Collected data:

━━━━━━━━━━━━━━━━━━━━

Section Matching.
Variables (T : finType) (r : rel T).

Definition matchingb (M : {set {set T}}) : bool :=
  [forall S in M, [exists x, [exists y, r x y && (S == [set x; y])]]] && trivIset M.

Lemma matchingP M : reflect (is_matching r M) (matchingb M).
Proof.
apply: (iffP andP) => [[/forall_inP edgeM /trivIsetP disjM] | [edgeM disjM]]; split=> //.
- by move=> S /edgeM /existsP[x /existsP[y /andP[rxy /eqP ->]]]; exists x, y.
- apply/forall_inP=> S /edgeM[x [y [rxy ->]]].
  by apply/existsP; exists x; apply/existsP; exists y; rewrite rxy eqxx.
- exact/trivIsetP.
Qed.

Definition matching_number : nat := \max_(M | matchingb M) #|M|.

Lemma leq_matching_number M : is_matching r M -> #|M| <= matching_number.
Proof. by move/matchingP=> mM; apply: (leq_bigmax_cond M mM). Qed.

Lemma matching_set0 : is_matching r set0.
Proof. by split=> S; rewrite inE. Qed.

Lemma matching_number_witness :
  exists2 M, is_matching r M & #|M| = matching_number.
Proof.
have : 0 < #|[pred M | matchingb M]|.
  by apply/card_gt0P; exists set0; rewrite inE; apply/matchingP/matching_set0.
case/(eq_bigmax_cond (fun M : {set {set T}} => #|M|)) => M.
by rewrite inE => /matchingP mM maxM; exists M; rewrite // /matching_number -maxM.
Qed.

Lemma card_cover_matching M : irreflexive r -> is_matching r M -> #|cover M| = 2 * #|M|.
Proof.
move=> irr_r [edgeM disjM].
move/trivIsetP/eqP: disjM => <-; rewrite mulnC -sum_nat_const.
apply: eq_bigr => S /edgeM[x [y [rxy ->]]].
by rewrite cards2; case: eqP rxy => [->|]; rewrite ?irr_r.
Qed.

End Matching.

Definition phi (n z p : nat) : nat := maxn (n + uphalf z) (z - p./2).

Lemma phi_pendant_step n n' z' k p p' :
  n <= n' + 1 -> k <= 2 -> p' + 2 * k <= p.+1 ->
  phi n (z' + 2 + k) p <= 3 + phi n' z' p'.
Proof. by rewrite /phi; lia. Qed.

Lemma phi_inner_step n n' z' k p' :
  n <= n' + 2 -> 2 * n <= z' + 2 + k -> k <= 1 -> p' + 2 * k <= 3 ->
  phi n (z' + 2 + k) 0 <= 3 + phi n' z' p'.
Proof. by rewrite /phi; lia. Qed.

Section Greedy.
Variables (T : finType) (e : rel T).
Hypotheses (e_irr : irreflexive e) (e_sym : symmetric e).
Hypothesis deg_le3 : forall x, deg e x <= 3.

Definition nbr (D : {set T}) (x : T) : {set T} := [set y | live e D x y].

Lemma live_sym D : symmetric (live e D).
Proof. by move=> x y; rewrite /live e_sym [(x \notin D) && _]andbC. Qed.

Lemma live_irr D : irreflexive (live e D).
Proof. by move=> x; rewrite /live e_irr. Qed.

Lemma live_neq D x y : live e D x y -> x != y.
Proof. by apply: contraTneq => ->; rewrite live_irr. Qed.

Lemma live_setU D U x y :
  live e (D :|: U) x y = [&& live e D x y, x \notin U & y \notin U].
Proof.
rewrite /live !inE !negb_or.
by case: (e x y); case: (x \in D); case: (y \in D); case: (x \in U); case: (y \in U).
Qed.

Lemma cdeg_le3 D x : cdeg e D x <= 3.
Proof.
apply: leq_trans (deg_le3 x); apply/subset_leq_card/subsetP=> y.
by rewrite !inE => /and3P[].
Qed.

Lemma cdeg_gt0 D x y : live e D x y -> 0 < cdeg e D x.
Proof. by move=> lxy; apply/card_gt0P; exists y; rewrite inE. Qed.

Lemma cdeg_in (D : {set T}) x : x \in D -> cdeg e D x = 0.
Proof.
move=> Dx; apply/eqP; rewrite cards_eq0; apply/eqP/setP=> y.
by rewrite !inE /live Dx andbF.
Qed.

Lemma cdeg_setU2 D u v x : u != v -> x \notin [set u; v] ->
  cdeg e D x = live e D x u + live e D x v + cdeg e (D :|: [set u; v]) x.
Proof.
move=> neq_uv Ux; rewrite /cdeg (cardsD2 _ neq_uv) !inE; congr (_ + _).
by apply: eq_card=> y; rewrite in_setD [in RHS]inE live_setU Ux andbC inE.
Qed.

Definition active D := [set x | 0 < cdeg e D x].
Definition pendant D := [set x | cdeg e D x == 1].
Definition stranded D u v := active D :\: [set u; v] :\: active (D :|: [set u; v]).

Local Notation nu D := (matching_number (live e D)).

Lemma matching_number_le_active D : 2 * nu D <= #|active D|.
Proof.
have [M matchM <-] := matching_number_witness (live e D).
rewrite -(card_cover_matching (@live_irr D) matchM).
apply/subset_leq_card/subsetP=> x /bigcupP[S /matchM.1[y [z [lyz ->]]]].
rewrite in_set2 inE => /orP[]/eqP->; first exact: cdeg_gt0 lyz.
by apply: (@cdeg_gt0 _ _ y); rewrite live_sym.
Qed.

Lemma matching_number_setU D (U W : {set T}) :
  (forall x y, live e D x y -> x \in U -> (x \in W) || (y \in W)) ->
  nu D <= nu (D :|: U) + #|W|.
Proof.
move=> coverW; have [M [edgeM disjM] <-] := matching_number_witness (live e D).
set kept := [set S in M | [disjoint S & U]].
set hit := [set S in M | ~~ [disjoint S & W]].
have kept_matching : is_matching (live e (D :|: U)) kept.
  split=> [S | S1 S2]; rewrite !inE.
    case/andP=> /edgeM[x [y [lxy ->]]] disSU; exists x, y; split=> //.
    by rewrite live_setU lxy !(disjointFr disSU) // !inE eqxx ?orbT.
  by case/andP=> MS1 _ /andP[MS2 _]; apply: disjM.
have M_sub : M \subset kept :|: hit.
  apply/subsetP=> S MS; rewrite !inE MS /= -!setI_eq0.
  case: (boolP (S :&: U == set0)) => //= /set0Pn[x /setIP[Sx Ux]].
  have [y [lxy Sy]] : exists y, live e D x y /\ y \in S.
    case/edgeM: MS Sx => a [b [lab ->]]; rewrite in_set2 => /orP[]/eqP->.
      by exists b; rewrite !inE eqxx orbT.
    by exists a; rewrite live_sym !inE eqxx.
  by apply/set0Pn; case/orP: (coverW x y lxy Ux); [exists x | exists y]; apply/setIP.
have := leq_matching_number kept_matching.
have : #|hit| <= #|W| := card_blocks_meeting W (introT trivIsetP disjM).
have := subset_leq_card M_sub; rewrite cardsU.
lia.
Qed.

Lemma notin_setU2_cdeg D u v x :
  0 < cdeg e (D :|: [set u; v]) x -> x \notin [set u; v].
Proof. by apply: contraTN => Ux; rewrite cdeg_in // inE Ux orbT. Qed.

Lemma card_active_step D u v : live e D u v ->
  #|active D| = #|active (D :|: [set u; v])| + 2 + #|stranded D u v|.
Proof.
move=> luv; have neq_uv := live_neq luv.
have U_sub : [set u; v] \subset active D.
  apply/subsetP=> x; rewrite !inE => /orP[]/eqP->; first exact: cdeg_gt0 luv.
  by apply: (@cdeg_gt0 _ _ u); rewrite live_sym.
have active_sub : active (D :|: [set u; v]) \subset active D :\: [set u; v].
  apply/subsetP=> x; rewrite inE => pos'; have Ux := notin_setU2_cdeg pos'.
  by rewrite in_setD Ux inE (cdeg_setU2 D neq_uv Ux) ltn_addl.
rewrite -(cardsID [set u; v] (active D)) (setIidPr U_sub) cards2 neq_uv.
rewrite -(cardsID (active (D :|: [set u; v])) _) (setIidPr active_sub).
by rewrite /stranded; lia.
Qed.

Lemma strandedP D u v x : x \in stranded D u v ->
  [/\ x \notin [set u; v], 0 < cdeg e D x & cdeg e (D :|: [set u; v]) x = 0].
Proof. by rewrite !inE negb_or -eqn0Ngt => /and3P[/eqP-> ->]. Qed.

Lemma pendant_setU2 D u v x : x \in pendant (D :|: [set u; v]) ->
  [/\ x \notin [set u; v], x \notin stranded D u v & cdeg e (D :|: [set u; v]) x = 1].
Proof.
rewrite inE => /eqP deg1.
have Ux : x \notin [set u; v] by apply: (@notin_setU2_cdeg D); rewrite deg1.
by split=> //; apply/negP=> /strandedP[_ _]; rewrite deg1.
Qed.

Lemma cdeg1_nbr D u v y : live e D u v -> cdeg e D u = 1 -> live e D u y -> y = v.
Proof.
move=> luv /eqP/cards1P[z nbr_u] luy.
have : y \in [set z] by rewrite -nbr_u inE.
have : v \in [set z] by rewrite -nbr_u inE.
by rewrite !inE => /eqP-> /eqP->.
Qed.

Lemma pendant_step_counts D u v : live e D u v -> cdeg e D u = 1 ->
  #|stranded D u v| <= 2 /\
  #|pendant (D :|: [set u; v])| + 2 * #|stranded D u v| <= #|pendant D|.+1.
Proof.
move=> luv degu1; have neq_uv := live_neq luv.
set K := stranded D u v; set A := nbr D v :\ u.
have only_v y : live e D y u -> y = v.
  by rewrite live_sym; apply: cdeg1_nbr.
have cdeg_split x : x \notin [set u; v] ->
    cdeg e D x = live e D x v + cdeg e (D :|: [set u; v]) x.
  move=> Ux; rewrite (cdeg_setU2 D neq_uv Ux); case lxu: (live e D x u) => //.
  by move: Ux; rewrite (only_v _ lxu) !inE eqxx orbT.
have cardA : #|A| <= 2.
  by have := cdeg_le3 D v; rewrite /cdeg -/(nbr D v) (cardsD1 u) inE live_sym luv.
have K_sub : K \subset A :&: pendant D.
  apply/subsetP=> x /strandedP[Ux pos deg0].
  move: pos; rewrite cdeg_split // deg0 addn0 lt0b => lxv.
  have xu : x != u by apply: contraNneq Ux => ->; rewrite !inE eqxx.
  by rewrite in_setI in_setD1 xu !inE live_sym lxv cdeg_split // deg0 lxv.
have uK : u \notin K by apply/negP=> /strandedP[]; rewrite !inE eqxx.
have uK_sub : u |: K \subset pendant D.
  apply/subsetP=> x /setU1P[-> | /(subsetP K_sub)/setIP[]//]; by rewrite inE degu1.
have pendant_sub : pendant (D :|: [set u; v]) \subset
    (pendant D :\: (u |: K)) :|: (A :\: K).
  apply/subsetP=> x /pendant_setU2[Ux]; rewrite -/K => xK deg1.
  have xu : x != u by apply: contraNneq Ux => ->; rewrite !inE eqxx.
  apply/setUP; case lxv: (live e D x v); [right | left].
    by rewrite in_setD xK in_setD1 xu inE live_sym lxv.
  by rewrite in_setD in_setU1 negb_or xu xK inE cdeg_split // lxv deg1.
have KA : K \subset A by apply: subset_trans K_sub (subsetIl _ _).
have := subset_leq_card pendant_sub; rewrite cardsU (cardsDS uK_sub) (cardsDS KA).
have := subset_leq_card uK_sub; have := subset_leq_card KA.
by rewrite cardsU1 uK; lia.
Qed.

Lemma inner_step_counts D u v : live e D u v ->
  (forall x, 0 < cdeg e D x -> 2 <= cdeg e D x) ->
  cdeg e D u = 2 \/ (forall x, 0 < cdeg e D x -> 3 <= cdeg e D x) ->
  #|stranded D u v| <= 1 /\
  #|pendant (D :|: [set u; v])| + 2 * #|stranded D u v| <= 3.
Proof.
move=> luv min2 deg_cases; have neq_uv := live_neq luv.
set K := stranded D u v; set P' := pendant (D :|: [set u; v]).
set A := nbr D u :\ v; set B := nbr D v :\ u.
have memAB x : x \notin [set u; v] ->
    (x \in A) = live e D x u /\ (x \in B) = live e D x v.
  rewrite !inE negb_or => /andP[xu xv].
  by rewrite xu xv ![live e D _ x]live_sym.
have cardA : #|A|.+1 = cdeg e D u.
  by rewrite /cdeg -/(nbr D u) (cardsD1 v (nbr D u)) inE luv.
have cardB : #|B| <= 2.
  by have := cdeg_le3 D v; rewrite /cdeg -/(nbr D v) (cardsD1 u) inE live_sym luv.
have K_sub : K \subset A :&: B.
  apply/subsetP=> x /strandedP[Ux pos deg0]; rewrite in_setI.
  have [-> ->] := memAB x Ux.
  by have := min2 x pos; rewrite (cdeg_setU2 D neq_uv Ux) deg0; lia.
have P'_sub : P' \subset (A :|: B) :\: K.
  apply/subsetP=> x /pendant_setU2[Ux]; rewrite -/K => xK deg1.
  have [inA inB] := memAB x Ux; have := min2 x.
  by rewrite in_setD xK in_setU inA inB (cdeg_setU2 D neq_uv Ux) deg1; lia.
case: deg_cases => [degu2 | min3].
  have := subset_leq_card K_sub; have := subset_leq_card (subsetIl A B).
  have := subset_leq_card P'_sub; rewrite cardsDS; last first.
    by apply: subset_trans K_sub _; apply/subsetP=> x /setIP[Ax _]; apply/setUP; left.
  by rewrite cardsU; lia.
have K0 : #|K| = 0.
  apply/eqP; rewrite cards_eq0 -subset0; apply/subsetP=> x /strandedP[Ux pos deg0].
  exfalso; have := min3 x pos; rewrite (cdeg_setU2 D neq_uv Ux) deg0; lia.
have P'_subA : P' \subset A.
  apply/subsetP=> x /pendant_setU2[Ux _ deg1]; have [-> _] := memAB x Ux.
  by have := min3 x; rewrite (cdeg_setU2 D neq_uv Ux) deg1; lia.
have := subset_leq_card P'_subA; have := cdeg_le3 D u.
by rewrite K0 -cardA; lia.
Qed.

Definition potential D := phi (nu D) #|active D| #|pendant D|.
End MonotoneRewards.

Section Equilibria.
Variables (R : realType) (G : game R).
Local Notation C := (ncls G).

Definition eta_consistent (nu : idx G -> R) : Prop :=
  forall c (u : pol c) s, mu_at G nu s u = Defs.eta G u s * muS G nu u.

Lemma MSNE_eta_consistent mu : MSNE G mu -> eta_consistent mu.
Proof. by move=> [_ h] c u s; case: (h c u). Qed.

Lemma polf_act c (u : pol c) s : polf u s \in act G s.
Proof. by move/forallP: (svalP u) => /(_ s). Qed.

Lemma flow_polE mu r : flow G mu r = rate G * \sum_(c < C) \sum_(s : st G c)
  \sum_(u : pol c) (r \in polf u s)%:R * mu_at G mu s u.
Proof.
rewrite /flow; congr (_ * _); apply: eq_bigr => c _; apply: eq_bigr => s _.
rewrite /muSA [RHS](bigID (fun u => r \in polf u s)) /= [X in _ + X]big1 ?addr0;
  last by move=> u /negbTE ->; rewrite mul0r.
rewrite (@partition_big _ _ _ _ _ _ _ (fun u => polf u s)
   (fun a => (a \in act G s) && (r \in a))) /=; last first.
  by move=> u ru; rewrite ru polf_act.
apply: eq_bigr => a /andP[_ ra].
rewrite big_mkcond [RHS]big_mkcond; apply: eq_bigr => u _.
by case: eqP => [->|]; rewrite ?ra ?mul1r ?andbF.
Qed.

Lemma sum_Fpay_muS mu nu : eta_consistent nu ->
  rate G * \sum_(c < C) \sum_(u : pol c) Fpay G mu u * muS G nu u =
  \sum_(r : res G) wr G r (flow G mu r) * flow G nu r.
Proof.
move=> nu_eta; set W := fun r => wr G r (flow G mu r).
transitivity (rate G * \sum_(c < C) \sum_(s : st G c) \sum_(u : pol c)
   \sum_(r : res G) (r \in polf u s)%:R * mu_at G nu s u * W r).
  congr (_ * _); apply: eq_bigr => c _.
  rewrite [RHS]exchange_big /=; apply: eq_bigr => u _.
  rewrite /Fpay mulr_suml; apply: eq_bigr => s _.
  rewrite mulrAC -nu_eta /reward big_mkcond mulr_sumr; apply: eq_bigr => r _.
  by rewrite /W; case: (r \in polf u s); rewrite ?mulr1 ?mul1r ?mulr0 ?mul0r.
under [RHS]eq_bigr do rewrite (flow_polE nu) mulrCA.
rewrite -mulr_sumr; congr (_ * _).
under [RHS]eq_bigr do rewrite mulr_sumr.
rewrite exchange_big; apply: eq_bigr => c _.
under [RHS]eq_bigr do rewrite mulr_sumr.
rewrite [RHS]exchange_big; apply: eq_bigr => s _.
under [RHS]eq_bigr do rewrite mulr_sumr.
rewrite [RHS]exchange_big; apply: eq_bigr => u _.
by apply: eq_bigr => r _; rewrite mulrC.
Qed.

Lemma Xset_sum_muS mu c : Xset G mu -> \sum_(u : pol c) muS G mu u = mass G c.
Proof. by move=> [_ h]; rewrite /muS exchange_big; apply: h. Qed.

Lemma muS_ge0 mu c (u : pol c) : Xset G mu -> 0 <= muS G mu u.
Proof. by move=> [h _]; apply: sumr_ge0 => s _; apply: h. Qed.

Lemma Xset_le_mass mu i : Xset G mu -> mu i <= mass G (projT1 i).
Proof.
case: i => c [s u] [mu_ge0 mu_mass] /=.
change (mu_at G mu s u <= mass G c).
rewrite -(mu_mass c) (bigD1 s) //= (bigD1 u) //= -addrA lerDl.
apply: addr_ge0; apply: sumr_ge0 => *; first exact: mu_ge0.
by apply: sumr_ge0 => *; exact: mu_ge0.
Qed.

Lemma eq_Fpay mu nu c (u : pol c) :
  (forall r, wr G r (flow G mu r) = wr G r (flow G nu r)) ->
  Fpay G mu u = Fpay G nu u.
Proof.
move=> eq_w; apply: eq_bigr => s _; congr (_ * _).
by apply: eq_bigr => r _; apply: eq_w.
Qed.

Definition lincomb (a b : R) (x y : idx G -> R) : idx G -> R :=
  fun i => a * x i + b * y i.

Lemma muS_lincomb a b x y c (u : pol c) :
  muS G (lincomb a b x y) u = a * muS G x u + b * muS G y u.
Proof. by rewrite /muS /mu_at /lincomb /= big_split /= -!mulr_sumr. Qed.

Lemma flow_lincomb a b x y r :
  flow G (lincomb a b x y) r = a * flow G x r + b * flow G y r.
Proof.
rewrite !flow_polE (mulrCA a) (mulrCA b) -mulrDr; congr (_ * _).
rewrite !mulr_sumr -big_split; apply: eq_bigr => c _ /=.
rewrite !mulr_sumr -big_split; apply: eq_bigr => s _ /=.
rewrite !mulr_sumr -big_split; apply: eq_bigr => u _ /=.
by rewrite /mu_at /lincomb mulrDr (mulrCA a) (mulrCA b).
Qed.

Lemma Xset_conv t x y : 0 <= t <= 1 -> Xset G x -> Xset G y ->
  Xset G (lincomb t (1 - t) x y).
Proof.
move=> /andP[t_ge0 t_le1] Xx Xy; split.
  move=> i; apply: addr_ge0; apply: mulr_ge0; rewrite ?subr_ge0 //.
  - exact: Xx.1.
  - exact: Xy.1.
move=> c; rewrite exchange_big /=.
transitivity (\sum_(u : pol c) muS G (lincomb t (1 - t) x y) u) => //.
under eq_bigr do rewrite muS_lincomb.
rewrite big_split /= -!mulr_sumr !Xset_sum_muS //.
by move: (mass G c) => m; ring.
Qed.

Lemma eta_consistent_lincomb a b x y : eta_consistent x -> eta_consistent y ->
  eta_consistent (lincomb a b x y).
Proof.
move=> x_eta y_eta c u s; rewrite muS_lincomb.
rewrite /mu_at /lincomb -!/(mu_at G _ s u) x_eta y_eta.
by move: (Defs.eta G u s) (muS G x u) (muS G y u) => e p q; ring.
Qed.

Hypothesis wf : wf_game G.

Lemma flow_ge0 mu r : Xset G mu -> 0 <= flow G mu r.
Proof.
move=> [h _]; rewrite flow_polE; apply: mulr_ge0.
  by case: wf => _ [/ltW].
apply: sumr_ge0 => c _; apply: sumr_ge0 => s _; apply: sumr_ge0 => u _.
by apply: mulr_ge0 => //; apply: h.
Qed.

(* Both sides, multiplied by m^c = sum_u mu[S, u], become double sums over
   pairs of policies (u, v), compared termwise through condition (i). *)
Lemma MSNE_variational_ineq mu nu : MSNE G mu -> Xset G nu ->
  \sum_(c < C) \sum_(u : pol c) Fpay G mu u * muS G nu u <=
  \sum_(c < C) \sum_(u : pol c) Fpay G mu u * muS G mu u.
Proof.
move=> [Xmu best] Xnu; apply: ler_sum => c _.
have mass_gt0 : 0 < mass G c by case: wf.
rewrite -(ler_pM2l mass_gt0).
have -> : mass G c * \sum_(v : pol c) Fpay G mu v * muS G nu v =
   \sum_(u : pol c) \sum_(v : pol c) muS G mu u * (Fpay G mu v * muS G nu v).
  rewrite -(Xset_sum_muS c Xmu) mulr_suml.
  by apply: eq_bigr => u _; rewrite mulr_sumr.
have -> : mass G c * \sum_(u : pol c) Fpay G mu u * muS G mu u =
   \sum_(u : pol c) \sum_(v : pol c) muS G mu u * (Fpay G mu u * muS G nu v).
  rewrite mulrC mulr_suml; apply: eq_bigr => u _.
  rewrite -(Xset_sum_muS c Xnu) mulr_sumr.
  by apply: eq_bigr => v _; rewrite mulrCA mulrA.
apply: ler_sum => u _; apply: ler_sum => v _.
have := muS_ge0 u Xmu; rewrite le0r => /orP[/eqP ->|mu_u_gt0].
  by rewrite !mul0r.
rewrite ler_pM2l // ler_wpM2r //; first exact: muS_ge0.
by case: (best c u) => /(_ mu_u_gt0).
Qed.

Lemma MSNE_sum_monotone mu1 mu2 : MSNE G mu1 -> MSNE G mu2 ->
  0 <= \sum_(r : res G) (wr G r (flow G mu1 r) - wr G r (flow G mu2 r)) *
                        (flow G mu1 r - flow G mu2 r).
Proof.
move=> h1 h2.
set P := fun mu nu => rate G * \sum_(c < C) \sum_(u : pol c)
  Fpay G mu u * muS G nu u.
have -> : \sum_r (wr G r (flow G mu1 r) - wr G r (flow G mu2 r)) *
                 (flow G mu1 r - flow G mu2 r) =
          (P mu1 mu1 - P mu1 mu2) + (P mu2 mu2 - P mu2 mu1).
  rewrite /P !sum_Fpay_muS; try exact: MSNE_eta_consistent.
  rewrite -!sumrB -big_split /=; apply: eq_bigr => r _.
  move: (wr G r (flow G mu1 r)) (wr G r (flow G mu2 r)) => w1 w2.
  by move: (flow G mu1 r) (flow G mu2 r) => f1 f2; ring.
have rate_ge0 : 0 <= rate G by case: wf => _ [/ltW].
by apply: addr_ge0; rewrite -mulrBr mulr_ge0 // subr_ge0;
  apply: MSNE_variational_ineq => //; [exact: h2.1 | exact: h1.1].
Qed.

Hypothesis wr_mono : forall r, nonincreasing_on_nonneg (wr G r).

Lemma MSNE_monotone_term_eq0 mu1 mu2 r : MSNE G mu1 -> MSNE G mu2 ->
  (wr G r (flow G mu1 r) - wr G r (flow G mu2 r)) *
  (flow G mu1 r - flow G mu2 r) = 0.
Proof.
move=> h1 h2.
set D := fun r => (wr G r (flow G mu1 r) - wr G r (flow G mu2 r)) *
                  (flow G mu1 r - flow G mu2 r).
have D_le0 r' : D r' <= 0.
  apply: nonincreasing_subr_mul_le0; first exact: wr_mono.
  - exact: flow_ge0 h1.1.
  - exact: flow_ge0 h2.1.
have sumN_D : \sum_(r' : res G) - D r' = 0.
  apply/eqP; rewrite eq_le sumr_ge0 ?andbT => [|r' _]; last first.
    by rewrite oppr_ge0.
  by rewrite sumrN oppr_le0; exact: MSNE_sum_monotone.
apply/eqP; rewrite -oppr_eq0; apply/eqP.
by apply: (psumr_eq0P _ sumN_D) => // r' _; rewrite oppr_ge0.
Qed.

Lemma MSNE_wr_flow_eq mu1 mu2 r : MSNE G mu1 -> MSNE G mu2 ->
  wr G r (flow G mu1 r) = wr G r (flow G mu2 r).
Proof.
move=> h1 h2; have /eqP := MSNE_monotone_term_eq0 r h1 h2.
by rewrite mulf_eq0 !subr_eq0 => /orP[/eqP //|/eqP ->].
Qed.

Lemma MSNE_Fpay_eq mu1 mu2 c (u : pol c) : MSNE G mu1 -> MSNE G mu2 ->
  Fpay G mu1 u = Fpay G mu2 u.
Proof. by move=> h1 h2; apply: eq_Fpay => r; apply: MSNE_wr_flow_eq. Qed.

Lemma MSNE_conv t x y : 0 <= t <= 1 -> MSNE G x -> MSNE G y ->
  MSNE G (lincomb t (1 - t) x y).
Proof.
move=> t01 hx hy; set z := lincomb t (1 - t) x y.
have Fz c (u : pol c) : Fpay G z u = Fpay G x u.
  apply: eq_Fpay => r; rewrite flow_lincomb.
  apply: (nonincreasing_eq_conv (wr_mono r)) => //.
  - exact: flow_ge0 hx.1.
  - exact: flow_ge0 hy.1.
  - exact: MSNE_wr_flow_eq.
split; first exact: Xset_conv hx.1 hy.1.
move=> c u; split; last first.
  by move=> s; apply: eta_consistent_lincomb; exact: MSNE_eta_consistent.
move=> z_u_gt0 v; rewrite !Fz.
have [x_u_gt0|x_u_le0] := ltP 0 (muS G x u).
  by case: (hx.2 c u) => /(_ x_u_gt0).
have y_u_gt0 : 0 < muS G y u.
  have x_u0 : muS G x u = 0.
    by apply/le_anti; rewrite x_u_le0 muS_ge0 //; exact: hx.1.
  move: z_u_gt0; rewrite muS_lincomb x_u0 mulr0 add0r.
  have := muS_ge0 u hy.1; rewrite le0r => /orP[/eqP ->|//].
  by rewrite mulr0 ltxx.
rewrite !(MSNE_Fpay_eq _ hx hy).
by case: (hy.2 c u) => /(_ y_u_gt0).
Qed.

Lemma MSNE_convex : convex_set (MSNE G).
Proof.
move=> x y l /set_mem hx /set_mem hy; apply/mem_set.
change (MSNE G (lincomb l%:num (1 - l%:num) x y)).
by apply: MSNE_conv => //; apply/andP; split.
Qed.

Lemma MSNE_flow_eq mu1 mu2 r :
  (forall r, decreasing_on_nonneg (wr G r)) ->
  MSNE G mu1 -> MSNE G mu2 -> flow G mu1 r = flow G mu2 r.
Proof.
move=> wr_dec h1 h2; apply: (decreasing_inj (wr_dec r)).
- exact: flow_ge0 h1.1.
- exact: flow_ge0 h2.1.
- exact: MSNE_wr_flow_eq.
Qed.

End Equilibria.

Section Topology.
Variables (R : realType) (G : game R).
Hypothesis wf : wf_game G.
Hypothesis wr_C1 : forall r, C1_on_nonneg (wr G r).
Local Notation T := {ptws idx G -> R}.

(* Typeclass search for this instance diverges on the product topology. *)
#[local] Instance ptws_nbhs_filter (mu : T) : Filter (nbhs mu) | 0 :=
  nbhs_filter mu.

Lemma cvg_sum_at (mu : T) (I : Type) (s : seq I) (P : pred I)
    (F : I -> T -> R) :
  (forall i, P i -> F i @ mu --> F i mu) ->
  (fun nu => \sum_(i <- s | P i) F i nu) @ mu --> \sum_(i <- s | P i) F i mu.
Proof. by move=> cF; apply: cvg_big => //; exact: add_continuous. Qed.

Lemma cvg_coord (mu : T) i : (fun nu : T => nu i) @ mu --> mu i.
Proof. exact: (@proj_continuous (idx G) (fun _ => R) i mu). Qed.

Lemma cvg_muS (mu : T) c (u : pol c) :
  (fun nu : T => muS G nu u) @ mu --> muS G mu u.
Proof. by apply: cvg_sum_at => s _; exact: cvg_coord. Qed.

━━━━━━━━━━━━━━━━━━━━

Work to complete = Please copy every line of the records above in which "existsP" appears.

Result below =
- by move=> S /edgeM /existsP[x /existsP[y /andP[rxy /eqP ->]]]; exists x, y.
  by apply/existsP; exists x; apply/existsP; exists y; rewrite rxy eqxx.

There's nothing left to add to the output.